Kata-kata Donna antara lain:
"... I will never ever join bla bla bla again for the rest of my life!"
"I hate bla bla bla..."
Dan kata-kataku kalau kesabaranku habis antara lain:
"Siapa suruh ikut lomba ini itu bla bla bla..."
"Jangan ikut lomba lagi ya, bikin pusing!"
Di akhir tahun 2014 ini aku melihat Donna mulai lebih relistis, tidak main ambil semua kegiatan yang dia mau ikuti.
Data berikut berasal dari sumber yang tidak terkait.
(* Let $n\geq 3$ and $m\geq 1$. The matching $\mu$ on the face poset of $\Delta_m^{n,2}$ has no critical cells of dimension $0$ or $1$.
   Context: $\Delta_m^{n,2}=\mathrm{VR}(\{0,\ldots,m\}^n;2)$, where $\{0,\ldots,m\}^n$ carries the Manhattan metric $d(x,y)=\sum_i|x_i-y_i|$ and $\mathrm{VR}(X;r)$ is the complex of finite subsets of diameter $\leq r$. Order the vertices as $v_1\prec v_2\prec\cdots\prec v_N$ ($N=(m+1)^n$) in the anti-lexicographic order ($x\prec y$ iff at the largest index $i$ with $x_i\neq y_i$, $x_i<y_i$). Let $T_0$ be the set of all simplices of $\Delta_m^{n,2}$, including the empty simplex. For $i=1,\ldots,N$ put $S_i=\{\sigma\in T_{i-1}: v_i\notin\sigma,\ \sigma\cup\{v_i\}\in T_{i-1}\}$, $\mu(\sigma)=\sigma\cup\{v_i\}$ for $\sigma\in S_i$, and $T_i=T_{i-1}\setminus(S_i\cup\{\sigma\cup\{v_i\}:\sigma\in S_i\})$. The critical cells of $\mu$ are the simplices in $T_N$; the dimension of a simplex is its cardinality minus one. *)

From mathcomp Require Import all_boot.
Set Implicit Arguments. Unset Strict Implicit. Unset Printing Implicit Defensive.

(* Vertices of {0,...,m}^n : functions 'I_n -> 'I_m.+1. *)
Definition vert (n m : nat) := {ffun 'I_n -> 'I_m.+1}.

(* Manhattan distance  sum_i |x_i - y_i|  (on nat: |a-b| = (a-b)+(b-a)). *)
Definition manhattan n m (x y : vert n m) : nat :=
  \sum_(i < n) ((x i - y i) + (y i - x i))%N.

(* Simplices of VR({0..m}^n; 2): finite vertex sets of diameter <= 2
   (the empty set included). *)
Definition is_simplex n m (s : {set vert n m}) : bool :=
  [forall x in s, forall y in s, manhattan x y <= 2].

Definition T0 n m : {set {set vert n m}} := [set s | is_simplex s].

Definition antilex n m (x y : vert n m) : bool :=
  [exists i : 'I_n, (x i < y i) && [forall j : 'I_n, (i < j) ==> (x j == y j)]].

Definition antilex_le n m (x y : vert n m) : bool := (x == y) || antilex x y.

Definition vert_seq n m : seq (vert n m) := sort (@antilex_le n m) (enum (vert n m)).

Definition S_step n m (v : vert n m) (T : {set {set vert n m}}) : {set {set vert n m}} :=
  [set s in T | (v \notin s) && ((v |: s) \in T)].

Definition T_step n m (T : {set {set vert n m}}) (v : vert n m) : {set {set vert n m}} :=
  T :\: (S_step v T :|: [set v |: s | s in S_step v T]).

(* T_N : the set of critical cells of the matching mu. *)
Definition critical n m : {set {set vert n m}} := foldl (@T_step n m) (T0 n m) (vert_seq n m).

Definition sdim n m (s : {set vert n m}) : nat := #|s|.-1.

From mathcomp Require Import all_boot zify.
Set Implicit Arguments. Unset Strict Implicit. Unset Printing Implicit Defensive.

(* At step z, a simplex B with z \notin B is paired with z |: B as soon as both
   are still present.  This is the case when z precedes every vertex of B and no
   earlier vertex w makes w |: B a simplex: then no earlier step touches B or
   z |: B.
   A vertex y <> 0 has an earlier neighbour (lower a positive coordinate), so
   [set y] is paired upwards, and the vertex 0 is paired with the empty simplex.
   For an edge x < y, either no vertex before x is a neighbour of y, and the edge
   is the partner of [set y] at step x, or x and y have an earlier common
   neighbour, and the edge is paired upwards.  Such a common neighbour is the
   coordinatewise minimum of x and y when x is not below y; otherwise it is x
   lowered by one at the last coordinate where an earlier neighbour of y
   differs from x, and, if d(x, y) = 2, raised by one at a smaller coordinate
   where it is below y. *)

Section AntilexOrder.
Variables n m : nat.
Implicit Types x y z w : vert n m.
Dia sadar, waktu dan tenaga seseorang ada batasnya, dan ketika dipaksakan yang ada adalah kelelahan fisik mental, sakit, nge-blank, banyak kegiatan jadi kacau. Berusaha menikmati setiap kegiatan tanpa meninggalkan kerja keras, No Pain No Gain. Dan dia menyadari di atas langit ada langit, tak perlu pamer berlebihan. Tidak pula malu mengakui semua kegagalan dan jatuh bangun yang dia alami :). Seperti ketika sahabatku Karin bercerita putrinya sempat ngambek di konser piano pertamanya, Donna gak malu-malu lagi bilang "I did it, too!"
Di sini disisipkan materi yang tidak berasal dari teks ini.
Lemma xhat_barycenter T j : 0 < asum T -> \sum_(t < T) a t *: (x t j - xh T j) = 0.
Proof.
move=> S0; rewrite (eq_bigr _ (fun t _ => scalerBr _ _ _)) sumrB -scaler_suml.
by rewrite /xhat scalerA mulfV ?gt_eqF // scale1r subrr.
Qed.

Definition dual_term t (xs : 'rV[R]_d) :=
  \sum_j (eta / 2 * sqnorm (lam t j) - dotv (lam t j) (gvec g xs)).

Lemma gap_sumE t (xs : 'rV[R]_d) (lm : 'rV[R]_m) : gap_sum t xs lm =
  \sum_j lagrangian j (x t j) lm - \sum_j f j xs + dual_term t xs.
Proof.
rewrite /gap_sum /dual_term -sumrB -big_split /=.
by apply: eq_bigr => j _; rewrite /saddle_gap /lagrangian; ring.
Qed.

Lemma weighted_gap_sum_ge T (xs : 'rV[R]_d) (lm : 'rV[R]_m) : 0 < asum T -> (forall k, 0 <= lm ord0 k) ->
  asum T * \sum_j lagrangian j (xh T j) lm - asum T * \sum_j f j xs
  + \sum_(t < T) a t * dual_term t xs
  <= \sum_(t < T) a t * gap_sum t xs lm.
Proof.
move=> S0 lm0.
have -> : \sum_(t < T) a t * gap_sum t xs lm =
    \sum_(t < T) a t * \sum_j lagrangian j (x t j) lm - asum T * \sum_j f j xs
    + \sum_(t < T) a t * dual_term t xs.
  rewrite mulr_suml -sumrB -big_split; apply: eq_bigr => t _.
  by rewrite gap_sumE mulrDr mulrBr.
rewrite lerD2r lerD2r mulr_sumr.
under [X in _ <= X]eq_bigr do rewrite mulr_sumr.
rewrite [X in _ <= X]exchange_big; apply: ler_sum => j _.
apply: (subgrad_jensen (lagrangian_subgrad j lm0 (xhat_inball j S0))).
- by move=> t; exact: iter_inball.
- exact: xhat_barycenter.
- by move=> t; exact: alpha_ge0.
Qed.

Definition viol_vec T := pospart (n%:R^-1 *: \sum_j gvec g (xh T j)).

Lemma violationE T : violation W Rad eta df g dg T = sqnorm (viol_vec T).
Proof. exact: sqr_enorm. Qed.

Lemma dotv_viol_vec T : (0 < n)%N ->
  dotv (viol_vec T) (\sum_j gvec g (xh T j)) = n%:R * sqnorm (viol_vec T).
Proof.
move=> n0; rewrite /viol_vec -[X in dotv _ X](scalerKV (nat_n_neq0 R n0)).
by rewrite dotvZr dotv_pospart.
Qed.

Lemma dist_sq0 xs lm : dist_sq 0 xs lm = n%:R * (sqnorm xs + sqnorm lm).
Proof.
rewrite /dist_sq (eq_bigr (fun=> sqnorm xs + sqnorm lm)) ?sumr_const ?card_ord ?mulr_natl //.
by move=> i _; rewrite !sub0r !sqnormN.
Qed.

Lemma dist_sq_ge0 t xs lm : 0 <= dist_sq t xs lm.
Proof. by apply: sumr_ge0 => i _; rewrite addr_ge0 ?sqnorm_ge0. Qed.

Lemma sum_lagrangian_viol T : (0 < n)%N ->
  \sum_j lagrangian j (xh T j) (eta^-1 *: viol_vec T)
  = \sum_j f j (xh T j) + n%:R * sqnorm (viol_vec T) / (2 * eta).
Proof.
move=> n0; rewrite /lagrangian sumrB big_split /= -dotv_sumr dotvZl dotv_viol_vec //.
rewrite sqnormZ sumr_const card_ord -mulr_natl; field; exact: lt0r_neq0.
Qed.

(* The saddle-point inequality at the dual point [viol_vec T / eta]. *)
Lemma master_ineq T (xs : 'rV[R]_d) : (0 < n)%N -> 0 < asum T -> inball Rad xs ->
  n%:R * sqnorm (viol_vec T) * (asum T / eta - 1 / eta ^+ 2)
  + 2 * asum T * \sum_j (f j (xh T j) - f j xs)
  + 2 * \sum_(t < T) a t * dual_term t xs
  <= n%:R * sqnorm xs + \sum_(t < T) a t ^+ 2 * grad_sum t.
Proof.
move=> n0 S0 xsB; set lm := eta^-1 *: viol_vec T.
have lm0 k : 0 <= lm ord0 k.
  by rewrite !mxE; apply: mulr_ge0; [rewrite invr_ge0 ltW | rewrite le_max lexx].
have := dist_sq_telescope T xsB lm0; have := weighted_gap_sum_ge xs S0 lm0.
have := dist_sq_ge0 T xs lm.
rewrite dist_sq0 sum_lagrangian_viol // sumrB /lm sqnormZ.
set p := sqnorm (viol_vec T); set S := asum T.
set F := \sum_j f j (xh T j); set Fs := \sum_j f j xs.
have -> : S * (F + n%:R * p / (2 * eta)) = S * F + S * (n%:R * p / eta) / 2.
  by field; exact: lt0r_neq0.
have -> : n%:R * (sqnorm xs + eta^-1 ^+ 2 * p) = n%:R * sqnorm xs + n%:R * p / eta ^+ 2.
  by field; exact: lt0r_neq0.
have -> : n%:R * p * (S / eta - 1 / eta ^+ 2) = S * (n%:R * p / eta) - n%:R * p / eta ^+ 2.
  by field; exact: lt0r_neq0.
lra.
Qed.

Definition dual_mass t j := \sum_k lam t j ord0 k.

Definition mass_bound := m%:R * (gbound / eta).

Lemma mass_bound_ge0 : 0 <= mass_bound.
Proof. by rewrite mulr_ge0 // divr_ge0 ?gbound_ge0 ?ltW. Qed.

Lemma dual_mass_ge0 t j : 0 <= dual_mass t j.
Proof. by apply: sumr_ge0 => k _; exact: dual_iter_ge0. Qed.

Lemma dual_mass_le t j : dual_mass t j <= mass_bound.
Proof.
by rewrite /mass_bound -sumr_const_ord; apply: ler_sum => k _; case/andP: (dual_iter_bound t j k).
Qed.

Lemma enorm_gradx_le t j : enorm (gx j (x t j) (lam t j)) <= L * (1 + dual_mass t j).
Proof.
rewrite mulrDr mulr1; apply: le_trans (ler_enormD _ _) (lerD _ _).
  exact: df_bound (iter_inball t j).
apply: le_trans (ler_enorm_sum _ _) _; rewrite /dual_mass mulr_sumr; apply: ler_sum => k _.
rewrite enormZ ger0_norm ?dual_iter_ge0 // mulrC ler_wpM2r ?dual_iter_ge0 //.
exact: dg_bound (iter_inball t j).
Qed.

Lemma grad_sqnorm_le t j : grad_sqnorm j (x t j) (lam t j)
  <= L ^+ 2 * (1 + dual_mass t j) ^+ 2 + m%:R * (4 * gbound ^+ 2).
Proof.
apply: lerD.
  rewrite -sqr_enorm -exprMn ler_pXn2r ?nnegrE ?enorm_ge0 ?enorm_gradx_le //.
  exact: le_trans (enorm_ge0 _) (enorm_gradx_le t j).
rewrite /sqnorm /dotv -sumr_const_ord; apply: ler_sum => k _; rewrite !mxE -expr2.
have := normr_g_le k (iter_inball t j); rewrite ler_norml => /andP [g1 g2].
have /andP [l0 l1] := dual_iter_bound t j k.
have : eta * lam t j ord0 k <= gbound by rewrite mulrC -ler_pdivlMr.
have : 0 <= eta * lam t j ord0 k by rewrite mulr_ge0 // ltW.
by have := gbound_ge0; nra.
Qed.

Definition grad_const := n%:R * (2 * L ^+ 2 + m%:R * (4 * gbound ^+ 2)).

Lemma grad_sum_le_mass t :
  grad_sum t <= grad_const + 2 * L ^+ 2 * mass_bound * \sum_j dual_mass t j.
Proof.
rewrite /grad_sum /grad_const mulr_sumr -sumr_const_ord -big_split /=.
apply: ler_sum => j _; apply: le_trans (grad_sqnorm_le t j) _.
have := dual_mass_le t j; have := dual_mass_ge0 t j.
set l := dual_mass t j => l0 lB.
have : (1 + l) ^+ 2 <= 2 + 2 * mass_bound * l.
  have : l * l <= mass_bound * l by rewrite ler_wpM2r.
  by have := sqr_ge0 (1 - l); nra.
by move=> /(ler_wpM2l (sqr_ge0 L)); nra.
Qed.

Definition grad_sum_bound := grad_const + 2 * L ^+ 2 * mass_bound * (n%:R * mass_bound).

Lemma grad_sum_le t : grad_sum t <= grad_sum_bound.
Proof.
apply: le_trans (grad_sum_le_mass t) _; rewrite lerD2l; apply: ler_wpM2l.
  by rewrite mulr_ge0 ?mass_bound_ge0 // mulr_ge0 ?sqr_ge0.
by rewrite -sumr_const_ord; apply: ler_sum => j _; exact: dual_mass_le.
Qed.

Lemma dual_term_ge0 t xs : feasible g xs -> 0 <= dual_term t xs.
Proof.
move=> xsX; apply: sumr_ge0 => j _; rewrite dotv_gvec subr_ge0.
apply: (@le_trans _ _ 0); last by rewrite mulr_ge0 ?sqnorm_ge0 ?divr_ge0 ?ltW.
by rewrite -oppr_ge0 -sumrN; apply: sumr_ge0 => k _; rewrite -mulrN mulr_ge0 ?dual_iter_ge0 ?oppr_ge0.
Qed.

Lemma dual_term_ge_margin t xs del : (forall k, g k xs <= - del) ->
  del * \sum_j dual_mass t j <= dual_term t xs.
Proof.
move=> margin; rewrite mulr_sumr; apply: ler_sum => j _.
rewrite dotv_gvec /dual_mass mulr_sumr.
have : 0 <= eta / 2 * sqnorm (lam t j) by rewrite mulr_ge0 ?sqnorm_ge0 ?divr_ge0 ?ltW.
suff : \sum_k del * lam t j ord0 k <= - \sum_k lam t j ord0 k * g k xs by lra.
rewrite -sumrN; apply: ler_sum => k _.
by rewrite -mulrN mulrC ler_wpM2l ?dual_iter_ge0 // lerNr.
Qed.

Lemma sum_f_xhat_ge_diam T xs : 0 < asum T -> inball Rad xs ->
  - (n%:R * (L * (2 * Rad))) <= \sum_j (f j (xh T j) - f j xs).
Proof.
move=> S0 xsB; rewrite -sumr_const_ord -sumrN; apply: ler_sum => j _.
have := f_subgrad j xsB (xhat_inball j S0).
have : enorm (xh T j - xs) <= 2 * Rad.
  by have := ler_enormB (xh T j) xs; have := xhat_inball j S0; rewrite /inball in xsB *; lra.
move=> /(dotv_bound (df_bound j xsB)); rewrite ler_norml => /andP [? _]; lra.
Qed.

Lemma violation_bound_feasible T xs : (0 < n)%N -> 0 < asum T ->
  feasible g xs -> inball Rad xs ->
  n%:R * sqnorm (viol_vec T) * (asum T / eta - 1 / eta ^+ 2)
  <= n%:R * Rad ^+ 2 + 4 * asum T * n%:R * L * Rad
     + grad_sum_bound * \sum_(t < T) a t ^+ 2.
Proof.
move=> n0 S0 xsX xsB; have := master_ineq n0 S0 xsB.
have : 0 <= \sum_(t < T) a t * dual_term t xs.
  by apply: sumr_ge0 => t _; rewrite mulr_ge0 ?alpha_ge0 ?dual_term_ge0.
have : \sum_(t < T) a t ^+ 2 * grad_sum t <= grad_sum_bound * \sum_(t < T) a t ^+ 2.
  by rewrite mulr_sumr; apply: ler_sum => t _; rewrite mulrC ler_wpM2r ?sqr_ge0 ?grad_sum_le.
have : n%:R * sqnorm xs <= n%:R * Rad ^+ 2 by rewrite ler_wpM2l // -enorm_leE.
have := ler_wpM2l (mulr_ge0 (ler0n R 2) (ltW S0)) (sum_f_xhat_ge_diam S0 xsB).
lra.
Qed.

(* Abel summation, using [x 0 = 0], [|x t| <= Rad] and the decrease of [a]. *)
Lemma abel_increments_le T i :
  enorm (\sum_(t < T) a t *: (x t i - x t.+1 i)) <= a 0 * Rad.
Proof.
have abel T' : enorm (\sum_(t < T') a t *: (x t i - x t.+1 i) + a T' *: x T' i)
               <= (a 0 - a T') * Rad.
  elim: T' => [|T' IH]; first by rewrite big_ord0 add0r scaler0 enorm0 subrr mul0r.
  have -> : \sum_(t < T'.+1) a t *: (x t i - x t.+1 i) + a T'.+1 *: x T'.+1 i
      = (\sum_(t < T') a t *: (x t i - x t.+1 i) + a T' *: x T' i)
        + (a T'.+1 - a T') *: x T'.+1 i.
    by rewrite big_ord_recr /= scalerBr scalerBl !addrA [LHS]addrAC.
  apply: le_trans (ler_enormD _ _) _.
  rewrite [X in _ + X]enormZ ler0_norm ?subr_le0 ?alpha_le //.
  have : (a T' - a T'.+1) * enorm (x T'.+1 i) <= (a T' - a T'.+1) * Rad.
    by rewrite ler_wpM2l ?subr_ge0 ?alpha_le ?iter_inball.
  by rewrite opprB; lra.
rewrite -[X in enorm X](addrK (a T *: x T i)); apply: le_trans (ler_enormB _ _) _.
rewrite enormZ ger0_norm ?alpha_ge0 //.
have : a T * enorm (x T i) <= a T * Rad by rewrite ler_wpM2l ?alpha_ge0 ?iter_inball.
by have := abel T; lra.
Qed.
Mustinya menurutku sih gak "did", tapi "do" karena sekarang pun kadang masih ada ngambeknya walau frekwensi dan durasinya sudah sangat berkurang jauh hahahaha...eh tapi dia protes kalau dibilang ngambek sekarang ini, katanya itu bukan ngambek, cuman mengeluh :P
Dan di sisi aku sendiri, aku pun belajar sangat banyak dari semua hal itu. Semoga aku juga bisa mengerjakan peer-peerku sendiri sebagai ibu yang masih banyak ketinggalan, sambil berlari-larian dari satu pole (Liza) ke pole satunya (Donna). Ngos-ngosan...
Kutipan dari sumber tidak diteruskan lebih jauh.